> **Exercise prompt**
Transcribe, word for word and without additions, each line below from the one containing "[E n / E], and" through the one containing "Let u := utility omega lhat.", both ends included.

> **Record excerpts**

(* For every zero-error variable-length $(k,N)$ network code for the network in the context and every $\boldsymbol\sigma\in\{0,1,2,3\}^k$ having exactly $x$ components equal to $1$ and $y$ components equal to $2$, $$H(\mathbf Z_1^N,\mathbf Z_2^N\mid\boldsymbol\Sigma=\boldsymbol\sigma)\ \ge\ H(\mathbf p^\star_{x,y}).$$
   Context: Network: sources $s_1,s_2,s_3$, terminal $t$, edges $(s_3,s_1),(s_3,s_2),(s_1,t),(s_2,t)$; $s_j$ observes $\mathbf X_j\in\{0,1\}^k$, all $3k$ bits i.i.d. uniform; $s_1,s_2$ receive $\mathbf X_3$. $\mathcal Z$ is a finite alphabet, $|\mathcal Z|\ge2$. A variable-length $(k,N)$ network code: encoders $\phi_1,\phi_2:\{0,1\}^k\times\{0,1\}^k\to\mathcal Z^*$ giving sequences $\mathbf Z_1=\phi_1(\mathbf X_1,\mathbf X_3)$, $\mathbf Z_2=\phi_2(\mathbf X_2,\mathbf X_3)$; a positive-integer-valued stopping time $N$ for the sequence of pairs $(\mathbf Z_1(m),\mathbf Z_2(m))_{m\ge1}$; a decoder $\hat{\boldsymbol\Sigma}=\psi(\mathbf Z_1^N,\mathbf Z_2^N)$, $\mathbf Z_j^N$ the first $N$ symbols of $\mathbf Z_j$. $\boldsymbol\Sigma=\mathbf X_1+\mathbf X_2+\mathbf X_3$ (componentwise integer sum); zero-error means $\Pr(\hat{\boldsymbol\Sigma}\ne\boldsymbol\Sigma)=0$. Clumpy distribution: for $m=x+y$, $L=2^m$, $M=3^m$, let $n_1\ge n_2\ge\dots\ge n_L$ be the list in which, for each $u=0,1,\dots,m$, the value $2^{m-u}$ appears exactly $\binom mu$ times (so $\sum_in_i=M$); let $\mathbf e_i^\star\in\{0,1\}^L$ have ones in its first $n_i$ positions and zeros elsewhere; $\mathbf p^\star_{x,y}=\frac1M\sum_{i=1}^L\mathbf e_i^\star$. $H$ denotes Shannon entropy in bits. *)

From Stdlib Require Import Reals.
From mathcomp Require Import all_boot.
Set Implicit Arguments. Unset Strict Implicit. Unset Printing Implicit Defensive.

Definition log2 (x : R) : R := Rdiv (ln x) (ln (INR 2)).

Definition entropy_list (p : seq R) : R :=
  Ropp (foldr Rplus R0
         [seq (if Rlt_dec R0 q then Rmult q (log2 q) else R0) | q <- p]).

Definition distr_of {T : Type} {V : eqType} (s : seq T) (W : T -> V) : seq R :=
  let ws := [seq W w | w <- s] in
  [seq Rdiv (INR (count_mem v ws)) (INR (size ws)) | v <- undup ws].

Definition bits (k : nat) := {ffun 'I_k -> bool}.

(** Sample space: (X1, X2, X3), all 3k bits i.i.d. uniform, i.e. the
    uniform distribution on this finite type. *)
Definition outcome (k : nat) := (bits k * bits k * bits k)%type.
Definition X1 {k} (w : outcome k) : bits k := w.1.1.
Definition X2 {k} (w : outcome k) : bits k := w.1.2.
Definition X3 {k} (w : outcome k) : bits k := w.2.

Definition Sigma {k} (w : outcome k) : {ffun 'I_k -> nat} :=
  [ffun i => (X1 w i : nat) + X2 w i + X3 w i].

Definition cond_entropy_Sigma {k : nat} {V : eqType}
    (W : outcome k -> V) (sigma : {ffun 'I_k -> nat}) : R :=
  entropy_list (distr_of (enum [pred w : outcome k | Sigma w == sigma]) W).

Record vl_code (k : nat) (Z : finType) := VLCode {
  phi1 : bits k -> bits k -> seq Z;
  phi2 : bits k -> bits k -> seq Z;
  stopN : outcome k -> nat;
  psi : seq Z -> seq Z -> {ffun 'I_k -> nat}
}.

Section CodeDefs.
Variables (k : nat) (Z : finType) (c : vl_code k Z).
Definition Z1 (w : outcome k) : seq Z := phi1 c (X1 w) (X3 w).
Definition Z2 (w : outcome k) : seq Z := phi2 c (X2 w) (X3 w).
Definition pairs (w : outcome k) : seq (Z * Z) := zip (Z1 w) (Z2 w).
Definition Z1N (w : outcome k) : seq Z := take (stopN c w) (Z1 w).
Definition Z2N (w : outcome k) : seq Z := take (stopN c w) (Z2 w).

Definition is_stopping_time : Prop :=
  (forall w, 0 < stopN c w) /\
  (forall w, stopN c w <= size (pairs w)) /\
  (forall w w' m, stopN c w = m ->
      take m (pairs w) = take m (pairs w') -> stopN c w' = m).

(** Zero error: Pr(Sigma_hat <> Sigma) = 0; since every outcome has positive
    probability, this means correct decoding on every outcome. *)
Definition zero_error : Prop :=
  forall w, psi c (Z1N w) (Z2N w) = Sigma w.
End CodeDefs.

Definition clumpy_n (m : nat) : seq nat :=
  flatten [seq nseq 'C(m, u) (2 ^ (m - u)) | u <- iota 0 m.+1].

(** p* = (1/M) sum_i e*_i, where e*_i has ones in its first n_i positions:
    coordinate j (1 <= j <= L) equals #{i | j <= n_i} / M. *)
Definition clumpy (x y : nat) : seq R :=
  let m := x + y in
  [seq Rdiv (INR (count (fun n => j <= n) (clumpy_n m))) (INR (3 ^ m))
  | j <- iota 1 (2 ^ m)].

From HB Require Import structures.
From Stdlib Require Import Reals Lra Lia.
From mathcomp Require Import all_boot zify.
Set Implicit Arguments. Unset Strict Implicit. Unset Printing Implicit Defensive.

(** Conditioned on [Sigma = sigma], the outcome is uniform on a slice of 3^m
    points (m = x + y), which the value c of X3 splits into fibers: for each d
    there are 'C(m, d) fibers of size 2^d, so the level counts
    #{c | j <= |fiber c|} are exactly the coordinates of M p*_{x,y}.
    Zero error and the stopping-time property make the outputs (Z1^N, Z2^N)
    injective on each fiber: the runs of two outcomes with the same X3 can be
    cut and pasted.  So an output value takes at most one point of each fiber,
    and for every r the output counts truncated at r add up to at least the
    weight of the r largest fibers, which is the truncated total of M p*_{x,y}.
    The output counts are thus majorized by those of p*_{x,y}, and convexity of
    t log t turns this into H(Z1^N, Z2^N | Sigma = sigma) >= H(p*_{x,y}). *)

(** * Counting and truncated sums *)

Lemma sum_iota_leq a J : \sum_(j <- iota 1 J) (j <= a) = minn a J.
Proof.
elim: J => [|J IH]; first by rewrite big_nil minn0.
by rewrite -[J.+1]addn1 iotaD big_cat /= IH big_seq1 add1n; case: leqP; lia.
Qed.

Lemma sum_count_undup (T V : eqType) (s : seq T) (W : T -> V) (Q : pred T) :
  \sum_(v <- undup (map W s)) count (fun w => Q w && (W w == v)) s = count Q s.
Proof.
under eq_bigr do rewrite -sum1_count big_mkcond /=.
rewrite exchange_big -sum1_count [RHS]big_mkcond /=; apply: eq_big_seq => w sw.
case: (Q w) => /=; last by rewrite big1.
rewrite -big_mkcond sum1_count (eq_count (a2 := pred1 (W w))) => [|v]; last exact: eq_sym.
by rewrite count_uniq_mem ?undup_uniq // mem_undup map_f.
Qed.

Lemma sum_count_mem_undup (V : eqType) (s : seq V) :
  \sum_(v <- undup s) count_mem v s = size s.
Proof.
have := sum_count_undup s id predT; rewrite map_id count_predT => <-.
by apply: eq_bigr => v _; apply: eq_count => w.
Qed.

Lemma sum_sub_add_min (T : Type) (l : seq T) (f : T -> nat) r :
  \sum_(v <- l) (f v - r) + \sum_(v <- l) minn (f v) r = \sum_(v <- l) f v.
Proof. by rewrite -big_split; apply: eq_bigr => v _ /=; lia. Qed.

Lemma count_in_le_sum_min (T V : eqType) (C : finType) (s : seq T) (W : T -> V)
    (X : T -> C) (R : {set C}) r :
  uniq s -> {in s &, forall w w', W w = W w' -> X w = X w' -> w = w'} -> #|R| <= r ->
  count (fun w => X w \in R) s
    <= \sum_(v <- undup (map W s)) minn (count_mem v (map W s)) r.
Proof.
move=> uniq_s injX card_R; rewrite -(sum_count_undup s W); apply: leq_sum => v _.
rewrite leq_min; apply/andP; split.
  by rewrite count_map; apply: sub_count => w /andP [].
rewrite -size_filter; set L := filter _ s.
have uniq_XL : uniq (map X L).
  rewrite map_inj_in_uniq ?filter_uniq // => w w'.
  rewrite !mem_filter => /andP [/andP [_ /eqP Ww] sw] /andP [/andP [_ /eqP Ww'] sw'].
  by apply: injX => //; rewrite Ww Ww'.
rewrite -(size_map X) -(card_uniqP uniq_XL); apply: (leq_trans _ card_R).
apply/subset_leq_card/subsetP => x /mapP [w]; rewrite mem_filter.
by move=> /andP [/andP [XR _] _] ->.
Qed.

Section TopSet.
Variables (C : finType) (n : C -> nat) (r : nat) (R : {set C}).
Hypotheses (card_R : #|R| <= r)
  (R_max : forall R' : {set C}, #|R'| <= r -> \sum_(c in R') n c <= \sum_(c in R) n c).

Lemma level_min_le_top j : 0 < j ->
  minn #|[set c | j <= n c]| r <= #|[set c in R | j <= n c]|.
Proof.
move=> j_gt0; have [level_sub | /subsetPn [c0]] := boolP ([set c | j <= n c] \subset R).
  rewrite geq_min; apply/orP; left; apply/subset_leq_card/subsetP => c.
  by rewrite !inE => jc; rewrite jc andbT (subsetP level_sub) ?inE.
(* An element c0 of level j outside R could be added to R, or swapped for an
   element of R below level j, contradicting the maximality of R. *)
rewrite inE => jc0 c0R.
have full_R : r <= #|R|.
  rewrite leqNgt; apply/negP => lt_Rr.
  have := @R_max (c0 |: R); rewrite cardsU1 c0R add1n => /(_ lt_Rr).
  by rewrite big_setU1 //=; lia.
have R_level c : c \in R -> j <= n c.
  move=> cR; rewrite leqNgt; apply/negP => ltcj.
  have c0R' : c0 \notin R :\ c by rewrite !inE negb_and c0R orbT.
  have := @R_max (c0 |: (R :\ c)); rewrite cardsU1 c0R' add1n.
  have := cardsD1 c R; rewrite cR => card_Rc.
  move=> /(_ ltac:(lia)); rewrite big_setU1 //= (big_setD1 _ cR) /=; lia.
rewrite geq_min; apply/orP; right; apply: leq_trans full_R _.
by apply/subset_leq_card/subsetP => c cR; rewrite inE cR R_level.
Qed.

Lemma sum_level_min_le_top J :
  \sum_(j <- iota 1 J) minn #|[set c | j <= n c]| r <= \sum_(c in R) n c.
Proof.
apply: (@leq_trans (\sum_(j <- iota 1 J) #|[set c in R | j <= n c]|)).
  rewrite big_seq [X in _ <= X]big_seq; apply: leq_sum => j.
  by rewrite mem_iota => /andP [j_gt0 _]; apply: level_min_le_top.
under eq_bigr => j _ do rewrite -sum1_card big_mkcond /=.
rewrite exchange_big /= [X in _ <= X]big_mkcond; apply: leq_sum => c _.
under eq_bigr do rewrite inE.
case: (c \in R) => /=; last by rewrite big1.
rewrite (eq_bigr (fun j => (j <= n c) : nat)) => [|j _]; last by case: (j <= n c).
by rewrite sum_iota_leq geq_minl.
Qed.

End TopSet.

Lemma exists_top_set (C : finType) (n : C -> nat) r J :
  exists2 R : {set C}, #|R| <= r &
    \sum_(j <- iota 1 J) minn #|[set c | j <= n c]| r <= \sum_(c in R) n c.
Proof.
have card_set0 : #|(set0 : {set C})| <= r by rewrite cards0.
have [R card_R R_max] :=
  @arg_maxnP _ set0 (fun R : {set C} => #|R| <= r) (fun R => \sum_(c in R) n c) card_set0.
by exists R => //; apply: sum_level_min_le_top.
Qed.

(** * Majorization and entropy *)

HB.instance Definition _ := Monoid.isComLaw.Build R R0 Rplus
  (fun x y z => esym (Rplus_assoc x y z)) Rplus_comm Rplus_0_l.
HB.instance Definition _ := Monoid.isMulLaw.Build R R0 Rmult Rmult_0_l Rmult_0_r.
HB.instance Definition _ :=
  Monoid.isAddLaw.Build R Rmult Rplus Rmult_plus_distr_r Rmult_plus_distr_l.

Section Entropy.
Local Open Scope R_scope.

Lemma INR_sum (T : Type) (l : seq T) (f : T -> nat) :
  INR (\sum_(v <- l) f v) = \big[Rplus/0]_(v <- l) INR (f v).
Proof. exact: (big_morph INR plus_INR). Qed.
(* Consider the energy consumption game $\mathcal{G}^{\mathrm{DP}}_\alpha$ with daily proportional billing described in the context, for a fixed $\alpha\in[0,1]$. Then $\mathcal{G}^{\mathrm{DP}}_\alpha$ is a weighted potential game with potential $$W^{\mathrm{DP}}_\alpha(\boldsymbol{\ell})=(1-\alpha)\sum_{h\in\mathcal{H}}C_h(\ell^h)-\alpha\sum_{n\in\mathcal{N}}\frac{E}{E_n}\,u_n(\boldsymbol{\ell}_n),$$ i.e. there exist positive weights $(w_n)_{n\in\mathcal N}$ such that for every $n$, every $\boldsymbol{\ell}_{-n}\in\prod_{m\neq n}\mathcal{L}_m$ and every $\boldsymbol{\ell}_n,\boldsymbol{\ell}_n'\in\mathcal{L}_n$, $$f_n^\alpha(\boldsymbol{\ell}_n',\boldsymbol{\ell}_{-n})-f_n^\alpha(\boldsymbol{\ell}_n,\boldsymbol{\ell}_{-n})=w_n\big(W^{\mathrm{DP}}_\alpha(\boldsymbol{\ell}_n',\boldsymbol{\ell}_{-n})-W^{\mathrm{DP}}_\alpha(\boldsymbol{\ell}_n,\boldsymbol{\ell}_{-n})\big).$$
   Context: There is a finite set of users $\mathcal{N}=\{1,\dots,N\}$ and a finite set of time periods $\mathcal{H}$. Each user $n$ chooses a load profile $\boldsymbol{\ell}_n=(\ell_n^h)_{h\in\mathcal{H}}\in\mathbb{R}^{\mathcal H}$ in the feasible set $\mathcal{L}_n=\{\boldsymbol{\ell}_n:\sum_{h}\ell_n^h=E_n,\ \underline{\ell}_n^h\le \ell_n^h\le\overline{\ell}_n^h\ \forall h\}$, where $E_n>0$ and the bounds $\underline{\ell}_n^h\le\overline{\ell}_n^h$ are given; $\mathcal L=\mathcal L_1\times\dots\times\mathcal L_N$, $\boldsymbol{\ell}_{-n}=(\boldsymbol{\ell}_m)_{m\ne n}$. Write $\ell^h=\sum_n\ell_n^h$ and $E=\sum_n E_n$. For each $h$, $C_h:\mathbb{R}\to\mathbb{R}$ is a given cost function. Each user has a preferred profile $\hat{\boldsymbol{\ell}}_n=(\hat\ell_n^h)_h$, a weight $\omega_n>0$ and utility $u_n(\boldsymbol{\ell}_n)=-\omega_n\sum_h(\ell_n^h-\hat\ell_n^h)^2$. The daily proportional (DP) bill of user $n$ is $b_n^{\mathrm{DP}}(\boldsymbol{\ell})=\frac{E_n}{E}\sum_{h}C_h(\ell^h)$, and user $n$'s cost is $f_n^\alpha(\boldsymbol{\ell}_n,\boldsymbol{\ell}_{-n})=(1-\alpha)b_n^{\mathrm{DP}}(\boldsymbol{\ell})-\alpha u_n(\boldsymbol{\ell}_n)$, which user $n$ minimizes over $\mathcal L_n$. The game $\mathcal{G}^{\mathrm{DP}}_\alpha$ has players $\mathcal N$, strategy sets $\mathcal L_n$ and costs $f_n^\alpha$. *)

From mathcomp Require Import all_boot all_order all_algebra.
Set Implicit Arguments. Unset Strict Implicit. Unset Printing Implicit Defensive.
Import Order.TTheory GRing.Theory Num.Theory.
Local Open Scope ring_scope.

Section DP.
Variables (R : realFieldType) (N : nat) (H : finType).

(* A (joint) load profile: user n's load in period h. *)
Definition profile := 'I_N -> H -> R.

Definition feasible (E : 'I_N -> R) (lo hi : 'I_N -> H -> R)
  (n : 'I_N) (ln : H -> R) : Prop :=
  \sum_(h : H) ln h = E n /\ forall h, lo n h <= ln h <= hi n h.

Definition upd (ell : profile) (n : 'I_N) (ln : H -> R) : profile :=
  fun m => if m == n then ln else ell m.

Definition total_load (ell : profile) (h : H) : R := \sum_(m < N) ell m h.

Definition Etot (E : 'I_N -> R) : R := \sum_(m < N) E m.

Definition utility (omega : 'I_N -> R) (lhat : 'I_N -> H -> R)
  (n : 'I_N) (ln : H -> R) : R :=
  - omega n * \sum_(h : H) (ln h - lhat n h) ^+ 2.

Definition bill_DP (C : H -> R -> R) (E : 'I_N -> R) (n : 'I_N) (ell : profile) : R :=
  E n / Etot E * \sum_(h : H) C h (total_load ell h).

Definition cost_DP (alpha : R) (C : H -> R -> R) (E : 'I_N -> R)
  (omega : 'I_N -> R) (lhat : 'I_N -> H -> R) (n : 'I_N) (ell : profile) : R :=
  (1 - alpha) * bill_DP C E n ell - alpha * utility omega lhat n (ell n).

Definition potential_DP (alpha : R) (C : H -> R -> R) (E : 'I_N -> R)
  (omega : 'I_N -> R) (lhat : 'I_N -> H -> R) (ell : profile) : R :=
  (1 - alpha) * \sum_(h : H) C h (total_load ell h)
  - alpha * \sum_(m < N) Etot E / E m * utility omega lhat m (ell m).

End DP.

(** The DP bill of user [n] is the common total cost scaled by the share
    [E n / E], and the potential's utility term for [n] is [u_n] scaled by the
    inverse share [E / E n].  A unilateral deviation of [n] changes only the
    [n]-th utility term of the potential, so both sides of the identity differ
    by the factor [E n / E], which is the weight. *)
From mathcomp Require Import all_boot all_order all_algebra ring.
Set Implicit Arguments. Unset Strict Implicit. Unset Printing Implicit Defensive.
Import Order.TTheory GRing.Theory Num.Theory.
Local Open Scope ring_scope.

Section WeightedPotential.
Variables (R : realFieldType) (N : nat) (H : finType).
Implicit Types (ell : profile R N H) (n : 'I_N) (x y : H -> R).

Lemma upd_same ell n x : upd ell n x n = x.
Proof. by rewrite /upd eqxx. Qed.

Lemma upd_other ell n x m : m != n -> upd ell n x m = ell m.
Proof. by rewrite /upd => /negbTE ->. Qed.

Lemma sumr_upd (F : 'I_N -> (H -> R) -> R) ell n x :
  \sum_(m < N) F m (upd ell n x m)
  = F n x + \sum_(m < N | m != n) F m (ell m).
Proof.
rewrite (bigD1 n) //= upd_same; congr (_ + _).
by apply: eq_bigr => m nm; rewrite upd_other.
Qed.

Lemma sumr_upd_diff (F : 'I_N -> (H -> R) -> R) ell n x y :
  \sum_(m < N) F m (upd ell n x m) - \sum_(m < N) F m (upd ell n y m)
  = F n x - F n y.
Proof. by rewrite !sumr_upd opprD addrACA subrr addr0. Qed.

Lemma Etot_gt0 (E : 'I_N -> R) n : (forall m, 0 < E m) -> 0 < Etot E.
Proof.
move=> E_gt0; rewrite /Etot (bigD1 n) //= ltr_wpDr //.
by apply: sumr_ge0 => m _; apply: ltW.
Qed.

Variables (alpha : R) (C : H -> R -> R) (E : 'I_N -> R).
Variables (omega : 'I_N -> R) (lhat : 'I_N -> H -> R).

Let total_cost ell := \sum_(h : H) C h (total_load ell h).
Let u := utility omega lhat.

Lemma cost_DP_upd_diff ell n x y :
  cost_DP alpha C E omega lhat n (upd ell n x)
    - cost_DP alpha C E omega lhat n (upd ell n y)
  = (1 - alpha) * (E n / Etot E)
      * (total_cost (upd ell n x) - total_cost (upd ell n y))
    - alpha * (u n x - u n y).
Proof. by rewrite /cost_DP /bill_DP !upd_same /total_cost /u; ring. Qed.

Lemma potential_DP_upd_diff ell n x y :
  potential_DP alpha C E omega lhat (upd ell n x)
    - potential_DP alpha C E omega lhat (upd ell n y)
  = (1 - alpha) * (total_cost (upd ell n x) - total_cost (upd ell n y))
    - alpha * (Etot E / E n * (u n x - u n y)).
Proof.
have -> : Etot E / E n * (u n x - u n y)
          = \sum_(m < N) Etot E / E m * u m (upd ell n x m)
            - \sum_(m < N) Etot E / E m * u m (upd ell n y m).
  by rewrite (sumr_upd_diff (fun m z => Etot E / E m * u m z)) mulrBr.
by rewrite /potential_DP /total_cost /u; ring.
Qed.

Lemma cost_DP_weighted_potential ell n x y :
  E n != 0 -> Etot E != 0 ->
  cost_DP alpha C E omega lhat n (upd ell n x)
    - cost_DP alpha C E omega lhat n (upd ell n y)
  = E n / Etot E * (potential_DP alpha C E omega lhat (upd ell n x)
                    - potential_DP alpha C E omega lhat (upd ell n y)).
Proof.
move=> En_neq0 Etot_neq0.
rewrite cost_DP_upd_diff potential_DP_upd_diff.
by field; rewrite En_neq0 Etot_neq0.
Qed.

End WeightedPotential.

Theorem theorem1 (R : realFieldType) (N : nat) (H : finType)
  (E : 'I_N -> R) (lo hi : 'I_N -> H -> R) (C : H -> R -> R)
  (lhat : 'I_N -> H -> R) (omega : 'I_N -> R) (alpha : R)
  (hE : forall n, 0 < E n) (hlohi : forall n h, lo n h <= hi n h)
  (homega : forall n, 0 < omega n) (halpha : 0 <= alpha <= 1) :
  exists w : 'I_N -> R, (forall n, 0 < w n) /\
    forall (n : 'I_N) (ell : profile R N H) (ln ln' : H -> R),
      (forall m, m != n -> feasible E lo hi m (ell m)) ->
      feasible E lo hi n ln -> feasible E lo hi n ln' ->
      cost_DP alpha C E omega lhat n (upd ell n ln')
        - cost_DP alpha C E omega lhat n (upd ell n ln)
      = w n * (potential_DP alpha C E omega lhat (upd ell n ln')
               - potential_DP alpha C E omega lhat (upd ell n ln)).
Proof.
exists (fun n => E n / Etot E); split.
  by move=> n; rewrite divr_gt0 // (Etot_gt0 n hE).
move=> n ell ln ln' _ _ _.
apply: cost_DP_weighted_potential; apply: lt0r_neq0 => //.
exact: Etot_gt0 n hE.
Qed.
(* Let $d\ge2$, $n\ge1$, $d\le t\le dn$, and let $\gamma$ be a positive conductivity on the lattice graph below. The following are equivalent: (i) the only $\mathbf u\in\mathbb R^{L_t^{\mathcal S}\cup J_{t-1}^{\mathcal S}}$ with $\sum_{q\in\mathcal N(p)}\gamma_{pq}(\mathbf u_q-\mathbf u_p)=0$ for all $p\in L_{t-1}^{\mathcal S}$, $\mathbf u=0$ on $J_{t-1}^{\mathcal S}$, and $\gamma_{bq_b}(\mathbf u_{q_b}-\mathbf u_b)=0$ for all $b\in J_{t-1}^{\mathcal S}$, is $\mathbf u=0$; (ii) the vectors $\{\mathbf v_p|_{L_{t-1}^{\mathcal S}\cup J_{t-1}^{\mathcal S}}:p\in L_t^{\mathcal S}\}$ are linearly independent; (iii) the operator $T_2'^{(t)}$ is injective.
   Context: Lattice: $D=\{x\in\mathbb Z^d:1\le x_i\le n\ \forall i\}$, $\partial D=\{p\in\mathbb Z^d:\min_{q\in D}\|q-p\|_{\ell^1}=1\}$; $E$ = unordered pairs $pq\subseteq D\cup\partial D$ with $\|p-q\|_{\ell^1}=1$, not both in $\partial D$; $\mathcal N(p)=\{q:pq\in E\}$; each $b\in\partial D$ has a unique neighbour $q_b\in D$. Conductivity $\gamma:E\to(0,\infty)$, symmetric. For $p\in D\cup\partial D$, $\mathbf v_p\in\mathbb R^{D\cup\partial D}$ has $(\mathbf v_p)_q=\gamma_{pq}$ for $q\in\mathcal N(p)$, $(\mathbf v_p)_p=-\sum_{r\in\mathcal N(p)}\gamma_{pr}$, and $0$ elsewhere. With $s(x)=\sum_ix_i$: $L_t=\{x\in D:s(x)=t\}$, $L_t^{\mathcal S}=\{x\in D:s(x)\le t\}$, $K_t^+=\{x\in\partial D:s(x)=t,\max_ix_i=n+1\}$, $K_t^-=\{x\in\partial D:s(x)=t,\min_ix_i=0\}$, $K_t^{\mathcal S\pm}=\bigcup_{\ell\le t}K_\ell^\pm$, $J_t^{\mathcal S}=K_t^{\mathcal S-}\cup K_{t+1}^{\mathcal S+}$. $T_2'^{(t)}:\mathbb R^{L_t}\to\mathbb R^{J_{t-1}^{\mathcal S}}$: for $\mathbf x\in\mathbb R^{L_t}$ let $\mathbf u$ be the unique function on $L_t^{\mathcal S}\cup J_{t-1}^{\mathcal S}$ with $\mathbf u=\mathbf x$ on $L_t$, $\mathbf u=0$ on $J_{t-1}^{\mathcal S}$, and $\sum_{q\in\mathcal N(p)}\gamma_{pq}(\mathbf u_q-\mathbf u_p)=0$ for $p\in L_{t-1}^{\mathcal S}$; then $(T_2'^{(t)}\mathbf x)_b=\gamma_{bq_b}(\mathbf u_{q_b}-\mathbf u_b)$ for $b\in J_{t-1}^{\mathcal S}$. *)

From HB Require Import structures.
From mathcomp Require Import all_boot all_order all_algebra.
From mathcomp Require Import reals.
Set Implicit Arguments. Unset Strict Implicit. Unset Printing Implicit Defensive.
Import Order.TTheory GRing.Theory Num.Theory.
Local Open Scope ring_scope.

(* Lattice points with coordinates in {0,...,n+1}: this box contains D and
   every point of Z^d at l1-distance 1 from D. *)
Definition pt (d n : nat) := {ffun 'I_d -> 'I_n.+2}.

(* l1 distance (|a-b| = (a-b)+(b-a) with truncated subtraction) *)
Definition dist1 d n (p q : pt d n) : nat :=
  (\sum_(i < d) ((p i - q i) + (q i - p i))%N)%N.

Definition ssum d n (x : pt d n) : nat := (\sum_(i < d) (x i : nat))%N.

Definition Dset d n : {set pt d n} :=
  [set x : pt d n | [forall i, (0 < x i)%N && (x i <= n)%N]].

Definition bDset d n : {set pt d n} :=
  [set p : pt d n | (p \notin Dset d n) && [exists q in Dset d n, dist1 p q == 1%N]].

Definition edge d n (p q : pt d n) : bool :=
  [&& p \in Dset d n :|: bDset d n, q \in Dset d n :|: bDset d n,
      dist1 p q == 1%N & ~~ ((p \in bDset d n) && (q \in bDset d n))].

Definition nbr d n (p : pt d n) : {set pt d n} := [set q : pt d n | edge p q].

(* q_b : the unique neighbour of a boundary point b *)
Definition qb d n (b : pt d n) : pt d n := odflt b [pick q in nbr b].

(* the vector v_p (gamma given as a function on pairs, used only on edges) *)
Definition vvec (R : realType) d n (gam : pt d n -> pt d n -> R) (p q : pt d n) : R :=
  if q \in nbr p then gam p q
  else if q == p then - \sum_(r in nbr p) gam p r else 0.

> **Answer for this exercise**
    [E n / E], and the potential's utility term for [n] is [u_n] scaled by the
    inverse share [E / E n].  A unilateral deviation of [n] changes only the
    [n]-th utility term of the potential, so both sides of the identity differ
    by the factor [E n / E], which is the weight. *)
From mathcomp Require Import all_boot all_order all_algebra ring.
Set Implicit Arguments. Unset Strict Implicit. Unset Printing Implicit Defensive.
Import Order.TTheory GRing.Theory Num.Theory.
Local Open Scope ring_scope.

Section WeightedPotential.
Variables (R : realFieldType) (N : nat) (H : finType).
Implicit Types (ell : profile R N H) (n : 'I_N) (x y : H -> R).

Lemma upd_same ell n x : upd ell n x n = x.
Proof. by rewrite /upd eqxx. Qed.

Lemma upd_other ell n x m : m != n -> upd ell n x m = ell m.
Proof. by rewrite /upd => /negbTE ->. Qed.

Lemma sumr_upd (F : 'I_N -> (H -> R) -> R) ell n x :
  \sum_(m < N) F m (upd ell n x m)
  = F n x + \sum_(m < N | m != n) F m (ell m).
Proof.
rewrite (bigD1 n) //= upd_same; congr (_ + _).
by apply: eq_bigr => m nm; rewrite upd_other.
Qed.

Lemma sumr_upd_diff (F : 'I_N -> (H -> R) -> R) ell n x y :
  \sum_(m < N) F m (upd ell n x m) - \sum_(m < N) F m (upd ell n y m)
  = F n x - F n y.
Proof. by rewrite !sumr_upd opprD addrACA subrr addr0. Qed.

Lemma Etot_gt0 (E : 'I_N -> R) n : (forall m, 0 < E m) -> 0 < Etot E.
Proof.
move=> E_gt0; rewrite /Etot (bigD1 n) //= ltr_wpDr //.
by apply: sumr_ge0 => m _; apply: ltW.
Qed.

Variables (alpha : R) (C : H -> R -> R) (E : 'I_N -> R).
Variables (omega : 'I_N -> R) (lhat : 'I_N -> H -> R).

Let total_cost ell := \sum_(h : H) C h (total_load ell h).
Let u := utility omega lhat.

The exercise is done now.